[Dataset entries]
[Start of Attachment]
(* Let $\otimes$ and $\oplus$ be uninorms on $[0,1]$. If $\otimes$ satisfies property $A$ and $\oplus$ satisfies property $B'$, then $(\otimes,\oplus)$ satisfies the dual rearrangement inequality.
   Context: A uninorm is a function $\otimes:[0,1]^2\to[0,1]$ that is commutative, associative, monotonic ($x\leq y$ implies $x\otimes z\leq y\otimes z$), and has an identity element $e\in[0,1]$. A function $f$ satisfies property $A$ if for all $0\leq x\leq y\leq z\leq w\leq 1$, $w+x\leq y+z$ implies $f(x,w)\leq f(y,z)$; property $B'$ if for all $0\leq x\leq y\leq1$ and $0\leq z\leq w\leq1$, $f(x,w)-f(x,z)\geq f(y,w)-f(y,z)$. The pair $(\otimes,\oplus)$ satisfies the dual rearrangement inequality if for every $n\geq1$, all $0\leq x_1\leq\cdots\leq x_n\leq 1$, $0\leq y_1\leq\cdots\leq y_n\leq 1$ and every permutation $\sigma$ of $\{1,\dots,n\}$, $$(x_n\oplus y_1)\otimes\cdots\otimes(x_1\oplus y_n)\geq (x_{\sigma(1)}\oplus y_1)\otimes\cdots\otimes(x_{\sigma(n)}\oplus y_n)\geq (x_1\oplus y_1)\otimes\cdots\otimes(x_n\oplus y_n).$$ *)

From HB Require Import structures.
From mathcomp Require Import all_boot all_order all_algebra all_fingroup.
From mathcomp Require Import reals.
Set Implicit Arguments. Unset Strict Implicit. Unset Printing Implicit Defensive.
Import Order.TTheory GRing.Theory Num.Theory.
Local Open Scope ring_scope.

Definition unit01 {R : realType} (x : R) : Prop := 0 <= x /\ x <= 1.

(* A binary operation on [0,1], represented as f : R -> R -> R that maps
   [0,1]^2 into [0,1]; all axioms are required only on [0,1]. *)
Definition uninorm {R : realType} (f : R -> R -> R) (e : R) : Prop :=
  unit01 e /\ [/\
      (forall x y, unit01 x -> unit01 y -> unit01 (f x y)),
      (forall x y, unit01 x -> unit01 y -> f x y = f y x),
      (forall x y z, unit01 x -> unit01 y -> unit01 z ->
                      f x (f y z) = f (f x y) z),
      (forall x y z, unit01 x -> unit01 y -> unit01 z ->
                      x <= y -> f x z <= f y z) &
      (forall x, unit01 x -> f x e = x)].

Definition is_uninorm {R : realType} (f : R -> R -> R) : Prop :=
  exists e : R, uninorm f e.

Definition property_A {R : realType} (f : R -> R -> R) : Prop :=
  forall x y z w : R, 0 <= x -> x <= y -> y <= z -> z <= w -> w <= 1 ->
    w + x <= y + z -> f x w <= f y z.

Definition property_B' {R : realType} (f : R -> R -> R) : Prop :=
  forall x y z w : R, 0 <= x -> x <= y -> y <= 1 -> 0 <= z -> z <= w -> w <= 1 ->
    f x w - f x z >= f y w - f y z.

(* The n-fold product a_1 (x) ... (x) a_n, bracketed as
   a_1 (x) (a_2 (x) ( ... (a_n (x) e))) where e is the identity of (x);
   by associativity and the identity law the bracketing is immaterial. *)
Definition uprod {R : realType} (f : R -> R -> R) (e : R) (n : nat)
    (a : 'I_n -> R) : R :=
  \big[f/e]_(i < n) a i.

(* Dual rearrangement inequality for the pair (otimes, oplus), where eo is
   the identity element of otimes.  Indices 1..n of the paper are 'I_n. *)
Definition dual_rearrangement {R : realType} (otimes oplus : R -> R -> R)
    (eo : R) : Prop :=
  forall (n : nat), (0 < n)%N ->
  forall (x y : 'I_n -> R),
    (forall i, unit01 (x i)) -> (forall i, unit01 (y i)) ->
    (forall i j : 'I_n, (i <= j)%N -> x i <= x j) ->
    (forall i j : 'I_n, (i <= j)%N -> y i <= y j) ->
    forall s : 'S_n,
      uprod otimes eo (fun i => oplus (x (rev_ord i)) (y i))
        >= uprod otimes eo (fun i => oplus (x (s i)) (y i))
      /\ uprod otimes eo (fun i => oplus (x (s i)) (y i))
        >= uprod otimes eo (fun i => oplus (x i) (y i)).

(* For a <= b and c <= d in [0,1], property B' of ⊕ gives
   (b ⊕ d) + (a ⊕ c) <= (b ⊕ c) + (a ⊕ d), and a ⊕ c and b ⊕ d are the least and
   the greatest of the four values; property A of ⊗ (after ordering the middle
   pair by commutativity) then yields (a ⊕ c) ⊗ (b ⊕ d) <= (b ⊕ c) ⊗ (a ⊕ d).
   So swapping an ascent of the permutation never decreases the product and
   swapping a descent never increases it.  Bubble sort, which terminates because
   swapping an ascent strictly lowers sum_k k * s(k), reaches the reversed
   permutation (resp. the identity), and this gives both inequalities. *)

From HB Require Import structures.
From mathcomp Require Import all_boot all_order all_algebra all_fingroup.
From mathcomp Require Import reals lra zify.

Set Implicit Arguments. Unset Strict Implicit. Unset Printing Implicit Defensive.
Import Order.TTheory.

Lemma sum_mul_tperm_lt n (h : 'I_n -> nat) (i j : 'I_n) :
  i < j -> h i < h j ->
  \sum_(k < n) k * h (tperm i j k) < \sum_(k < n) k * h k.
Proof.
move=> lt_ij lt_hij.
have neq_ij : i != j by rewrite neq_ltn lt_ij.
have split_ij (G : 'I_n -> nat) :
    \sum_(k < n) G k = G i + G j + \sum_(k < n | (k != i) && (k != j)) G k.
  by rewrite (bigD1 i) // (bigD1 j) 1?eq_sym //= addnA.
rewrite !split_ij tpermL tpermR (eq_bigr (fun k : 'I_n => k * h k)).
  rewrite ltn_add2r; nia.
by move=> k /andP[ki kj]; rewrite tpermD // eq_sym.
Qed.

Lemma homo_ltn_ord_leq n (h : 'I_n -> 'I_n) :
  {homo h : i j / i < j} -> forall k : 'I_n, k <= h k.
Proof.
move=> h_incr k; have [m] := ubnP k; elim: m k => // m IHm [[|k] //= lt_kn] lt_km.
have lt_k'n : k < n by exact: ltnW.
have le_kh := IHm (Ordinal lt_k'n) lt_km.
exact: leq_ltn_trans le_kh (h_incr (Ordinal lt_k'n) (Ordinal lt_kn) (ltnSn k)).
Qed.

Lemma perm_homo_ltn_eq1 n (s : 'S_n) : {homo s : i j / i < j} -> s = 1%g.
Proof.
move=> s_incr.
have s_mono : {mono s : i j / (i < j)%O} := leW_mono (le_mono s_incr).
have sV_incr : {homo s^-1%g : i j / i < j}.
  by move=> i j; have := can_mono (permKV s) s_mono i j; rewrite !ltEord => ->.
apply/permP => k; apply/val_inj/anti_leq.
rewrite perm1 (homo_ltn_ord_leq s_incr k) andbT -{2}(permK s k).
exact: homo_ltn_ord_leq.
Qed.

Definition rev_perm n : 'S_n := perm (@rev_ord_inj n).

Lemma rev_permE n : rev_perm n =1 @rev_ord n.
Proof. exact: permE. Qed.

Lemma rev_permK n : (rev_perm n * rev_perm n = 1)%g.
Proof. by apply/permP => i; rewrite permM !rev_permE rev_ordK perm1. Qed.

Lemma perm_rev_ind n (P : 'S_n -> Prop) :
  P (rev_perm n) ->
  (forall (s : 'S_n) (i j : 'I_n), i < j -> s i < s j -> P (tperm i j * s)%g -> P s) ->
  forall s, P s.
Proof.
move=> P_rev P_swap s; have [m] := ubnP (\sum_(k < n) k * s k).
elim: m s => // m IHm s lt_sm.
case: (pickP [pred ij : 'I_n * 'I_n | (ij.1 < ij.2) && (s ij.1 < s ij.2)]).
  move=> [i j] /andP[/= lt_ij lt_sij]; apply: (P_swap s i j lt_ij lt_sij).
  apply: IHm; under eq_bigr do rewrite permM.
  apply: leq_trans (sum_mul_tperm_lt (h := fun k => nat_of_ord (s k)) lt_ij lt_sij) _.
  by rewrite -ltnS.
move=> no_ascent; have s_rev1 : (s * rev_perm n = 1)%g.
  apply: perm_homo_ltn_eq1 => i j lt_ij; rewrite !permM !rev_permE /=.
  have lt_sji : s j < s i.
    have := no_ascent (i, j); rewrite /= lt_ij /= => /negbT.
    rewrite -leqNgt leq_eqVlt => /orP[/eqP/val_inj/perm_inj eq_ji|//].
    by move: lt_ij; rewrite eq_ji ltnn.
  have := ltn_ord (s i); lia.
by rewrite -[s]mulg1 -(rev_permK n) mulgA s_rev1 mul1g.
Qed.

Lemma perm_id_ind n (P : 'S_n -> Prop) :
  P 1%g ->
  (forall (s : 'S_n) (i j : 'I_n), i < j -> s j < s i -> P (tperm i j * s)%g -> P s) ->
  forall s, P s.
Proof.
move=> P1 P_swap s; rewrite -[s]mulg1 -(rev_permK n) mulgA.
elim/perm_rev_ind: (s * rev_perm n)%g => [|t i j lt_ij lt_tij IH].
  by rewrite rev_permK.
apply: (P_swap _ i j lt_ij); last by rewrite mulgA.
rewrite !permM !rev_permE /=; have := ltn_ord (t j); lia.
Qed.

Import GRing.Theory Num.Theory.
Local Open Scope ring_scope.

Section UninormTheory.
Variables (R : realType) (f : R -> R -> R) (e : R).
Hypothesis f_uni : uninorm f e.

Lemma uninorm_unit01_id : unit01 e.
Proof. by case: f_uni. Qed.

Local Hint Resolve uninorm_unit01_id : core.

Lemma uninorm_closed x y : unit01 x -> unit01 y -> unit01 (f x y).
Proof. by case: f_uni => _ [f_closed _ _ _ _]; apply: f_closed. Qed.

Lemma uninorm_comm x y : unit01 x -> unit01 y -> f x y = f y x.
Proof. by case: f_uni => _ [_ f_comm _ _ _]; apply: f_comm. Qed.

Lemma uninorm_assoc x y z : unit01 x -> unit01 y -> unit01 z ->
  f x (f y z) = f (f x y) z.
Proof. by case: f_uni => _ [_ _ f_assoc _ _]; apply: f_assoc. Qed.

Lemma uninorm_monol x y z : unit01 x -> unit01 y -> unit01 z ->
  x <= y -> f x z <= f y z.
Proof. by case: f_uni => _ [_ _ _ f_mono _]; apply: f_mono. Qed.

Lemma uninorm_monor x y z : unit01 x -> unit01 y -> unit01 z ->
  y <= z -> f x y <= f x z.
Proof.
by move=> x01 y01 z01 le_yz; rewrite !(uninorm_comm x01) //; apply: uninorm_monol.
Qed.

Lemma uninorm_idr x : unit01 x -> f x e = x.
Proof. by case: f_uni => _ [_ _ _ _ f_id]; apply: f_id. Qed.

Lemma uninorm_big_unit01 I (r : seq I) (P : pred I) (a : I -> R) :
  (forall k, P k -> unit01 (a k)) -> unit01 (\big[f/e]_(k <- r | P k) a k).
Proof. by move=> a01; apply: big_ind => //; apply: uninorm_closed. Qed.

(* The uninorm is a monoid only on [0,1], so the bigop lemmas are applied on
   this subtype. *)
Definition unit_interval := {x : R | 0 <= x <= 1}.

Definition in01 x (x01 : unit01 x) : unit_interval := exist _ x (introT andP x01).

Lemma unit01_sval (u : unit_interval) : unit01 (sval u).
Proof. exact: elimT andP (valP u). Qed.

Local Hint Resolve unit01_sval : core.

Definition mul01 (u v : unit_interval) : unit_interval :=
  in01 (uninorm_closed (unit01_sval u) (unit01_sval v)).

Definition id01 : unit_interval := in01 uninorm_unit01_id.

Lemma mul01A : associative mul01.
Proof. by move=> u v w; apply: val_inj; rewrite /= uninorm_assoc. Qed.

Lemma mul01C : commutative mul01.
Proof. by move=> u v; apply: val_inj; rewrite /= uninorm_comm. Qed.

Lemma mul1_01 : left_id id01 mul01.
Proof. by move=> u; apply: val_inj; rewrite /= uninorm_comm ?uninorm_idr. Qed.

HB.instance Definition _ :=
  Monoid.isComLaw.Build unit_interval id01 mul01 mul01A mul01C mul1_01.

Lemma uninorm_bigD2 n (a : 'I_n -> R) (i j : 'I_n) :
  (forall k, unit01 (a k)) -> i != j ->
  \big[f/e]_(k < n) a k =
    f (f (a i) (a j)) (\big[f/e]_(k < n | (k != i) && (k != j)) a k).
Proof.
move=> a01 neq_ij; pose A k := in01 (a01 k).
have val_big (P : pred 'I_n) :
    val (\big[mul01/id01]_(k < n | P k) A k) = \big[f/e]_(k < n | P k) a k.
  exact: (big_morph val (fun _ _ => erefl) erefl).
by rewrite -!val_big (bigD1 i) // (bigD1 j) 1?eq_sym // Monoid.mulmA.
Qed.

End UninormTheory.

Section DualRearrangement.
Variables (R : realType) (otimes oplus : R -> R -> R) (et es : R).
Hypotheses (t_uni : uninorm otimes et) (s_uni : uninorm oplus es).
Hypotheses (t_A : property_A otimes) (s_B' : property_B' oplus).

Lemma two_term_rearrangement a b c d :
  unit01 a -> unit01 b -> unit01 c -> unit01 d -> a <= b -> c <= d ->
  otimes (oplus a c) (oplus b d) <= otimes (oplus b c) (oplus a d).
Proof.
move=> a01 b01 c01 d01 le_ab le_cd.
have [ac01 bd01] := (uninorm_closed s_uni a01 c01, uninorm_closed s_uni b01 d01).
have [bc01 ad01] := (uninorm_closed s_uni b01 c01, uninorm_closed s_uni a01 d01).
have le_ac_bc : oplus a c <= oplus b c by apply: (uninorm_monol s_uni).
have le_bc_bd : oplus b c <= oplus b d by apply: (uninorm_monor s_uni).
have le_ac_ad : oplus a c <= oplus a d by apply: (uninorm_monor s_uni).
have le_ad_bd : oplus a d <= oplus b d by apply: (uninorm_monol s_uni).
have le_sum : oplus b d + oplus a c <= oplus b c + oplus a d.
  by have := s_B' a01.1 le_ab b01.2 c01.1 le_cd d01.2; lra.
have [le_bc_ad|lt_ad_bc] := leP (oplus b c) (oplus a d).
  exact: t_A ac01.1 le_ac_bc le_bc_ad le_ad_bd bd01.2 le_sum.
rewrite [leRHS](uninorm_comm t_uni) //.
apply: (t_A ac01.1 le_ac_ad (ltW lt_ad_bc) le_bc_bd bd01.2).
by rewrite [leRHS]addrC.
Qed.

Variables (n : nat) (x y : 'I_n -> R).
Hypotheses (x01 : forall i, unit01 (x i)) (y01 : forall i, unit01 (y i)).
Hypotheses (x_incr : {homo x : i j / (i <= j)%N >-> i <= j})
           (y_incr : {homo y : i j / (i <= j)%N >-> i <= j}).

Definition rearr (s : 'S_n) : R := \big[otimes/et]_(i < n) oplus (x (s i)) (y i).

Lemma rearr_tperm_le (s : 'S_n) (i j : 'I_n) : (i < j)%N -> x (s i) <= x (s j) ->
  rearr s <= rearr (tperm i j * s)%g.
Proof.
move=> lt_ij le_xs; have neq_ij : i != j by rewrite neq_ltn lt_ij.
have oplus01 k l : unit01 (oplus (x k) (y l)) by apply: (uninorm_closed s_uni).
rewrite /rearr !(uninorm_bigD2 t_uni (fun k => oplus01 _ k) neq_ij) !permM tpermL tpermR.
have -> : \big[otimes/et]_(k < n | (k != i) && (k != j)) oplus (x ((tperm i j * s)%g k)) (y k)
    = \big[otimes/et]_(k < n | (k != i) && (k != j)) oplus (x (s k)) (y k).
  by apply: eq_bigr => k /andP[ki kj]; rewrite permM tpermD // eq_sym.
apply: (uninorm_monol t_uni).
- by apply: (uninorm_closed t_uni).
- by apply: (uninorm_closed t_uni).
- by apply: (uninorm_big_unit01 t_uni).
- by apply: two_term_rearrangement => //; apply: y_incr; apply: ltnW.
Qed.

Lemma rearr_le_rev (s : 'S_n) : rearr s <= rearr (rev_perm n).
Proof.
elim/perm_rev_ind: s => // s i j lt_ij lt_sij IH.
apply: le_trans IH; apply: rearr_tperm_le lt_ij _.
by apply: x_incr; apply: ltnW.
Qed.

Lemma rearr_ge_id (s : 'S_n) : rearr 1%g <= rearr s.
Proof.
elim/perm_id_ind: s => // s i j lt_ij lt_sji IH.
apply: le_trans IH _; rewrite -[X in _ <= rearr X]mul1g -(tperm2 i j) -mulgA.
apply: rearr_tperm_le lt_ij _; rewrite !permM tpermL tpermR.
by apply: x_incr; apply: ltnW.
Qed.

End DualRearrangement.

Theorem theorem7 (R : realType) (otimes oplus : R -> R -> R) (et es : R) :
  uninorm otimes et -> uninorm oplus es ->
  property_A otimes -> property_B' oplus ->
  dual_rearrangement otimes oplus et.
Proof.
move=> t_uni s_uni t_A s_B' n _ x y x01 y01 x_incr y_incr s.
have uprodE (p : 'S_n) (q : 'I_n -> 'I_n) : p =1 q ->
    uprod otimes et (fun i => oplus (x (q i)) (y i)) = rearr otimes oplus et x y p.
  by move=> pq; apply: eq_bigr => i _; rewrite pq.
rewrite (uprodE _ _ (@rev_permE n)) (uprodE s s) // (uprodE 1%g id (@perm1 _)).
split; [exact: (rearr_le_rev t_uni s_uni t_A s_B' x01 y01 x_incr y_incr)
      | exact: (rearr_ge_id t_uni s_uni t_A s_B' x01 y01 x_incr y_incr)].
Qed.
[End of Attachment]
Task item: The lines above, starting at the one with "apply: leq_trans (sum_mul_tperm_lt" and ending at the one with "have lt_sji : s j < s i.", are the only ones to return, exactly as written.

Output of the exercise:
  apply: leq_trans (sum_mul_tperm_lt (h := fun k => nat_of_ord (s k)) lt_ij lt_sij) _.
  by rewrite -ltnS.
move=> no_ascent; have s_rev1 : (s * rev_perm n = 1)%g.
  apply: perm_homo_ltn_eq1 => i j lt_ij; rewrite !permM !rev_permE /=.
  have lt_sji : s j < s i.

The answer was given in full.